- Type: Bullpup pump-action shotgun
- Place of origin: United States

Production history
- Manufacturer: Standard Manufacturing
- Unit cost: US$1,395.00–1,495.00 (MSRP)
- Produced: 2015–present

Specifications
- Mass: 9.3 lb (4.2 kg)
- Length: 29.5 in (75 cm)
- Height: 7 in (18 cm)
- Cartridge: 12 gauge (2+3⁄4" or 3" shells)
- Caliber: 12 gauge
- Barrels: 2
- Action: Pump action with two shots from single trigger, inline shell feeding
- Effective firing range: 22.9 m (20 yards)
- Feed system: 7+7+2 (2+3⁄4") or 6+6+2 (3") dual internal tube
- Sights: Iron sights are not standard, Picatinny rails for accessories like flip up iron AR-15-style backup sights and red dot reflex sights

= Standard Manufacturing DP-12 =

The DP-12 is a bullpup 12-gauge pump action double-barreled shotgun designed by Standard Manufacturing. It has two underbarrel tube magazines, each of which feeds its own barrel. Each magazine tube can hold up to 7 2.75 in 12-gauge shotshells or 6 3 in shotgun shells; 16 (2 3/4") or 14 (3") in total with indicator windows.

==Design==
The DP-12 shotgun is a manually operated, pump action weapon. The first trigger pull fires the right barrel and the second fires the left. The sliding forend is connected to the bolt by dual operating bars. Ammunition is fed from 2x independent magazine tubes, located below the barrels.

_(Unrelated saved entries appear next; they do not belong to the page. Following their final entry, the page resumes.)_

(* Let $\alpha\ge 0$, let $\mathbf{G}\subset\mathbb{R}^2$ be a ground-truth box (a closed oriented rectangle of positive area not containing the origin) and let $\mathbf{P}\subset\mathbb{R}^2$ be an arbitrary prediction box (a closed oriented rectangle). Then $0 \le \mathsf{EC\text{-}IoU}(\mathbf{P},\mathbf{G}) \le 1$.
   Context: $\rho(x,y)=\sqrt{x^2+y^2}$ is the distance to the origin (the ego position). For a ground-truth box $\mathbf{G}$ with center $(x_{\mathbf{G}},y_{\mathbf{G}})$, define the weight $\omega_{\mathbf{G}}(x,y) = \left[\rho(x_{\mathbf{G}},y_{\mathbf{G}})/\rho(x,y)\right]^{\alpha}$ for $(x,y)\in\mathbf{G}$. For a region $\mathbf{D}\subseteq\mathbf{G}$ let $\mathsf{Weighted\text{-}Area}_{\mathbf{G}}(\mathbf{D}) = \iint_{\mathbf{D}} \omega_{\mathbf{G}}(x,y)\,dA$, and for any region $\mathbf{D}$ let $\mathsf{Area}(\mathbf{D}) = \iint_{\mathbf{D}} 1\,dA$. The Ego-Centric IoU is $$\mathsf{EC\text{-}IoU}(\mathbf{P},\mathbf{G}) = \frac{\mathsf{Weighted\text{-}Area}_{\mathbf{G}}(\mathbf{P}\cap\mathbf{G})}{\mathsf{Weighted\text{-}Area}_{\mathbf{G}}(\mathbf{G}) + \mathsf{Area}(\mathbf{P}) - \mathsf{Area}(\mathbf{P}\cap\mathbf{G})}.$$ *)

From HB Require Import structures.
From mathcomp Require Import all_boot all_order all_algebra.
From mathcomp Require Import all_classical all_reals all_analysis.
Set Implicit Arguments. Unset Strict Implicit. Unset Printing Implicit Defensive.
Import Order.TTheory GRing.Theory Num.Theory.
Local Open Scope classical_set_scope.
Local Open Scope ring_scope.

Section ECIoU.
Variable R : realType.

Definition leb2 := (@lebesgue_measure R \x @lebesgue_measure R)%E.

Definition rho (p : R * R) : R := Num.sqrt (p.1 ^+ 2 + p.2 ^+ 2).

(* closed oriented rectangle with center (cx,cy), length l, width w
   (side lengths along the rotated axes) and heading angle th *)
Definition obox (cx cy l w th : R) : set (R * R) :=
  [set p | `|(p.1 - cx) * cos th + (p.2 - cy) * sin th| <= l / 2 /\
           `| - (p.1 - cx) * sin th + (p.2 - cy) * cos th| <= w / 2].

Definition ec_weight (alpha cx cy : R) (p : R * R) : R :=
  powR (rho (cx, cy) / rho p) alpha.

Definition weighted_area (alpha cx cy : R) (D : set (R * R)) : R :=
  Rintegral leb2 D (ec_weight alpha cx cy).

Definition area (D : set (R * R)) : R := fine (leb2 D).

(* EC-IoU(P, G) where G has center (cx,cy) *)
Definition ec_iou (alpha cx cy : R) (P G : set (R * R)) : R :=
  weighted_area alpha cx cy (P `&` G) /
  (weighted_area alpha cx cy G + area P - area (P `&` G)).

End ECIoU.

From HB Require Import structures.
From mathcomp Require Import all_boot all_order all_algebra.
From mathcomp Require Import all_classical all_reals all_analysis.
From mathcomp Require Import ring lra.
Import Order.TTheory GRing.Theory Num.Theory measurable_realfun.
Local Open Scope classical_set_scope.
Local Open Scope ring_scope.

(* The numerator is a weighted area of P `&` G, hence at most the weighted area
   of G because the weight is nonnegative, and Area(P `&` G) <= Area(P); so the
   denominator dominates the numerator.  The analytic content is that every
   quantity involved is finite (Rintegral and fine silently return 0 otherwise):
   boxes are bounded, hence of finite Lebesgue measure, and a box avoiding the
   origin stays at a positive distance d from it, so the weight is bounded by
   (rho(x_G, y_G) / d)^alpha on G and is integrable there. *)

Lemma iou_ratio_ge0_le1 (R : realFieldType) (I J a c : R) :
  0 <= I <= J -> 0 <= c <= a -> 0 <= I / (J + a - c) <= 1.
Proof.
move=> /andP[I0 IJ] /andP[c0 ca].
have den0 : 0 <= J + a - c by lra.
rewrite divr_ge0 //=.
have [->|den_neq0] := eqVneq (J + a - c) 0; first by rewrite invr0 mulr0.
have den_gt0 : 0 < J + a - c by rewrite lt_neqAle eq_sym den_neq0.
by rewrite ler_pdivrMr // mul1r; lra.
Qed.

Section measure_integral_monotone.
Context d (T : measurableType d) (R : realType).
Variable mu : {measure set T -> \bar R}.

Lemma fine_le_measure (A B : set T) : measurable A -> measurable B ->
  A `<=` B -> (mu B < +oo)%E -> fine (mu A) <= fine (mu B).
Proof.
move=> mA mB AB muB; have muAB : (mu A <= mu B)%E by apply: le_measure; rewrite ?inE.
by apply: fine_le => //; rewrite ge0_fin_numE // (le_lt_trans muAB).
Qed.

Lemma ge0_le_Rintegral_subset (A B : set T) (f : T -> R) :
  measurable A -> measurable B -> A `<=` B ->
  mu.-integrable B (EFin \o f) -> (forall x, B x -> 0 <= f x) ->
  \int[mu]_(x in A) f x <= \int[mu]_(x in B) f x.
Proof.
move=> mA mB AB intf f0; apply: fine_le.
- exact/integrable_fin_num/(integrableS mB mA AB).
- exact: integrable_fin_num.
case/integrableP: intf => mf _.
apply: (ge0_subset_integral mu mA mB mf _ AB) => x /f0.
by rewrite lee_fin.
Qed.

End measure_integral_monotone.

Lemma measurable_inv (R : realType) : measurable_fun [set: R] (@GRing.inv R).
Proof.
have -> : [set: R] = [set x | x != 0] `|` [set 0].
  by apply/seteqP; split => x //= _; case: (eqVneq x 0); [right|left].
have mneq0 := open_measurable (@open_neq R 0).
apply/(measurable_funU _ mneq0 (measurable_set1 0)); split.
- apply: open_continuous_measurable_fun; first exact: open_neq.
  by move=> x; rewrite inE => /inv_continuous.
- exact: measurable_fun_set1.
Qed.

Lemma normr_comb_le {R : numDomainType} (u v a b : R) :
  `|a| <= 1 -> `|b| <= 1 -> `|u * a + v * b| <= `|u| + `|v|.
Proof.
move=> a1 b1; apply: le_trans (ler_normD _ _) _; rewrite !normrM.
by apply: lerD; rewrite -[X in _ <= X]mulr1; apply: ler_wpM2l.
Qed.

Section ego_centric_box.
Context {R : realType}.
Implicit Types (cx cy l w th : R) (p : R * R).

Lemma measurable_obox cx cy l w th : measurable (obox cx cy l w th).
Proof.
pose coord (a b : R) p := `|(p.1 - cx) * a + (p.2 - cy) * b|.
have mcoord a b : measurable_fun [set: R * R] (coord a b).
  apply: measurableT_comp; first exact: normr_measurable.
  apply: measurable_funD; apply: measurable_funM => //.
  - by apply: measurable_funB => //; exact: measurable_fst.
  - by apply: measurable_funB => //; exact: measurable_snd.
have -> : obox cx cy l w th = coord (cos th) (sin th) @^-1` `]-oo, l / 2] `&`
                              coord (- sin th) (cos th) @^-1` `]-oo, w / 2].
  by apply/seteqP; split => p; rewrite /obox /coord /= !in_itv /= mulrN mulNr.
by apply: measurableI; rewrite -[X in measurable X]setTI;
  apply: mcoord => //; exact: measurable_itv.
Qed.

Lemma measurable_rho : measurable_fun [set: R * R] (@rho R).
Proof.
apply: (measurableT_comp (f := @Num.sqrt R)).
  exact: continuous_measurable_fun (@sqrt_continuous R).
by apply: measurable_funD; apply: measurable_funX;
  [exact: measurable_fst|exact: measurable_snd].
Qed.

Lemma measurable_ec_weight alpha cx cy :
  measurable_fun [set: R * R] (ec_weight alpha cx cy).
Proof.
apply: (measurableT_comp (f := @powR R ^~ alpha)); first exact: measurable_powR.
apply: measurable_funM => //.
apply: (measurableT_comp (f := @GRing.inv R)); [exact: measurable_inv|exact: measurable_rho].
Qed.

Lemma normr_dot_unit_le_rho (a b : R) p : a ^+ 2 + b ^+ 2 = 1 ->
  `|p.1 * a + p.2 * b| <= rho p.
Proof.
move=> ab1; rewrite -sqrtr_sqr /rho; apply: ler_wsqrtr.
have -> : p.1 ^+ 2 + p.2 ^+ 2 = (p.1 * a + p.2 * b) ^+ 2 + (p.2 * a - p.1 * b) ^+ 2.
  by rewrite -[LHS]mulr1 -ab1; ring.
by rewrite lerDl sqr_ge0.
Qed.

Lemma rho_ge_slab_gap (a b cx cy r : R) p : a ^+ 2 + b ^+ 2 = 1 ->
  `|(p.1 - cx) * a + (p.2 - cy) * b| <= r -> `|cx * a + cy * b| - r <= rho p.
Proof.
move=> ab1 slab; have := normr_dot_unit_le_rho a b p ab1.
have -> : cx * a + cy * b = (p.1 * a + p.2 * b) - ((p.1 - cx) * a + (p.2 - cy) * b).
  by ring.
have := ler_normB (p.1 * a + p.2 * b) ((p.1 - cx) * a + (p.2 - cy) * b).
lra.
Qed.

Lemma obox_rho_lbound cx cy l w th : ~ obox cx cy l w th (0, 0) ->
  exists2 d : R, 0 < d & forall p, obox cx cy l w th p -> d <= rho p.
Proof.
(* The box is the intersection of two slabs; the origin lies outside one of
   them, and its gap to that slab bounds rho from below on the box. *)
have unit_u : cos th ^+ 2 + sin th ^+ 2 = 1 := cos2Dsin2 th.
have unit_v : (- sin th) ^+ 2 + cos th ^+ 2 = 1 by rewrite sqrrN addrC.
have -> : obox cx cy l w th =
    [set p | `|(p.1 - cx) * cos th + (p.2 - cy) * sin th| <= l / 2 /\
             `|(p.1 - cx) * - sin th + (p.2 - cy) * cos th| <= w / 2].
  by apply/seteqP; split => p; rewrite /obox /= mulrN mulNr.
rewrite /= !sub0r !mulNr -!opprD !normrN => out0.
have [u_out|u_in] := ltP (l / 2) `|cx * cos th + cy * sin th|.
- exists (`|cx * cos th + cy * sin th| - l / 2); first by rewrite subr_gt0.
  by move=> p [pu _]; exact: rho_ge_slab_gap unit_u pu.
- have v_out : w / 2 < `|cx * - sin th + cy * cos th|.
    by rewrite ltNge; apply/negP => v_in; exact: out0.
  exists (`|cx * - sin th + cy * cos th| - w / 2); first by rewrite subr_gt0.
  by move=> p [_ pv]; exact: rho_ge_slab_gap unit_v pv.
Qed.

Lemma obox_sub_square cx cy l w th : obox cx cy l w th `<=`
  `[cx - (l / 2 + w / 2), cx + (l / 2 + w / 2)] `*`
  `[cy - (l / 2 + w / 2), cy + (l / 2 + w / 2)].
Proof.
move=> p [pu pv].
set u := (p.1 - cx) * cos th + (p.2 - cy) * sin th in pu.
set v := - (p.1 - cx) * sin th + (p.2 - cy) * cos th in pv.
have e1 : p.1 - cx = u * cos th + v * - sin th.
  by rewrite -[LHS]mulr1 -(cos2Dsin2 th) /u /v; ring.
have e2 : p.2 - cy = u * sin th + v * cos th.
  by rewrite -[LHS]mulr1 -(cos2Dsin2 th) /u /v; ring.
have [c1 s1] := (cos_max th, sin_max th).
have ns1 : `|- sin th| <= 1 by rewrite normrN.
split => /=; rewrite in_itv /= -ler_distl.
- by rewrite e1; have := normr_comb_le u v _ _ c1 ns1; lra.
- by rewrite e2; have := normr_comb_le u v _ _ s1 c1; lra.
Qed.

Lemma obox_measure_lty cx cy l w th : (leb2 (obox cx cy l w th) < +oo)%E.
Proof.
have segment_lty (a b : R) : (lebesgue_measure `[a, b] < +oo)%E.
  exact/compact_finite_measure/segment_compact.
set M := l / 2 + w / 2.
have le_square : (leb2 (obox cx cy l w th) <=
    leb2 (`[(cx - M)%R, (cx + M)%R] `*` `[(cy - M)%R, (cy + M)%R]))%E.
  apply: le_measure; rewrite ?inE; last exact: obox_sub_square.
  - exact: measurable_obox.
  - by apply: measurableX; exact: measurable_itv.
apply: le_lt_trans le_square _.
rewrite /leb2 product_measure1E; try exact: measurable_itv.
apply: lte_mul_pinfty => //.
- by rewrite fin_numElt segment_lty andbT (lt_le_trans ltNy0).
- exact: segment_lty.
Qed.

Lemma ec_weight_ge0 alpha cx cy p : 0 <= ec_weight alpha cx cy p.
Proof. exact: powR_ge0. Qed.

Lemma ec_weight_le alpha cx cy d p : 0 <= alpha -> 0 < d -> d <= rho p ->
  ec_weight alpha cx cy p <= powR (rho (cx, cy) / d) alpha.
Proof.
move=> alpha0 d0 dp; have rho_gt0 : 0 < rho p := lt_le_trans d0 dp.
apply: ge0_ler_powR => //; rewrite ?nnegrE.
- by apply: divr_ge0; exact: sqrtr_ge0.
- by apply: divr_ge0; [exact: sqrtr_ge0|exact: ltW].
by apply: ler_wpM2l; [exact: sqrtr_ge0|rewrite lef_pV2 ?posrE].
Qed.

Lemma integrable_ec_weight_obox alpha cx cy gx gy l w th : 0 <= alpha ->
  ~ obox gx gy l w th (0, 0) ->
  (@leb2 R).-integrable (obox gx gy l w th) (EFin \o ec_weight alpha cx cy).
Proof.
move=> alpha0 /obox_rho_lbound[d d0 far].
apply: measurable_bounded_integrable.
- exact: measurable_obox.
- exact: obox_measure_lty.
- exact: measurable_funTS (measurable_ec_weight _ _ _).
exists (powR (rho (cx, cy) / d) alpha); split; first by rewrite num_real.
move=> M KM p /far dp /=; rewrite ger0_norm ?ec_weight_ge0 //.
by apply/ltW/(le_lt_trans _ KM); exact: ec_weight_le.
Qed.

End ego_centric_box.

Theorem lemma2 (R : realType) (alpha : R)
  (gx gy gl gw gth : R) (px py pl pw pth : R) :
  0 <= alpha ->
  0 < gl -> 0 < gw ->
  ~ obox gx gy gl gw gth (0, 0) ->
  0 <= pl -> 0 <= pw ->
  0 <= ec_iou alpha gx gy (obox px py pl pw pth) (obox gx gy gl gw gth) <= 1.
Proof.
move=> alpha0 _ _ out0 _ _.
set P := obox px py pl pw pth; set G := obox gx gy gl gw gth.
have mP : measurable P by exact: measurable_obox.
have mG : measurable G by exact: measurable_obox.
have mPG : measurable (P `&` G) := measurableI _ _ mP mG.
apply: iou_ratio_ge0_le1; apply/andP; split.
- by apply: Rintegral_ge0 => p _; exact: ec_weight_ge0.
- apply: ge0_le_Rintegral_subset => //.
  + exact: (integrable_ec_weight_obox _ gx gy _ _ _ _ _ alpha0 out0).
  + by move=> p _; exact: ec_weight_ge0.
- exact/fine_ge0/measure_ge0.
- apply: fine_le_measure => //; exact: obox_measure_lty.
Qed.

Rounds are loaded into the magazines through a large loading/ejection port, located at the bottom rear of the gun in the stock, behind the pistol grip. Empty shells are ejected down through the same port. The safety is an ambidextrous AR style lever located above the grip.

Sighting equipment is not included, but iron sights and/or a red dot sight can be installed using the standard Picatinny rail located above the barrels. A second Picatinny rail at the end of the slide (under the muzzles) can be used for a forward grip or other accessories.

===Chokes===
The barrels come threaded with a Tru-Choke thread pattern and 2x flush-mount spreader choke tubes. There are 2x optional chokes from the manufacturer, the doorbuster tactical choke and stiletto choke.

===Colors===
There are several different color variants of this shotgun. They include black, flat-dark earth, green, tan, gold and black & gold two-tone.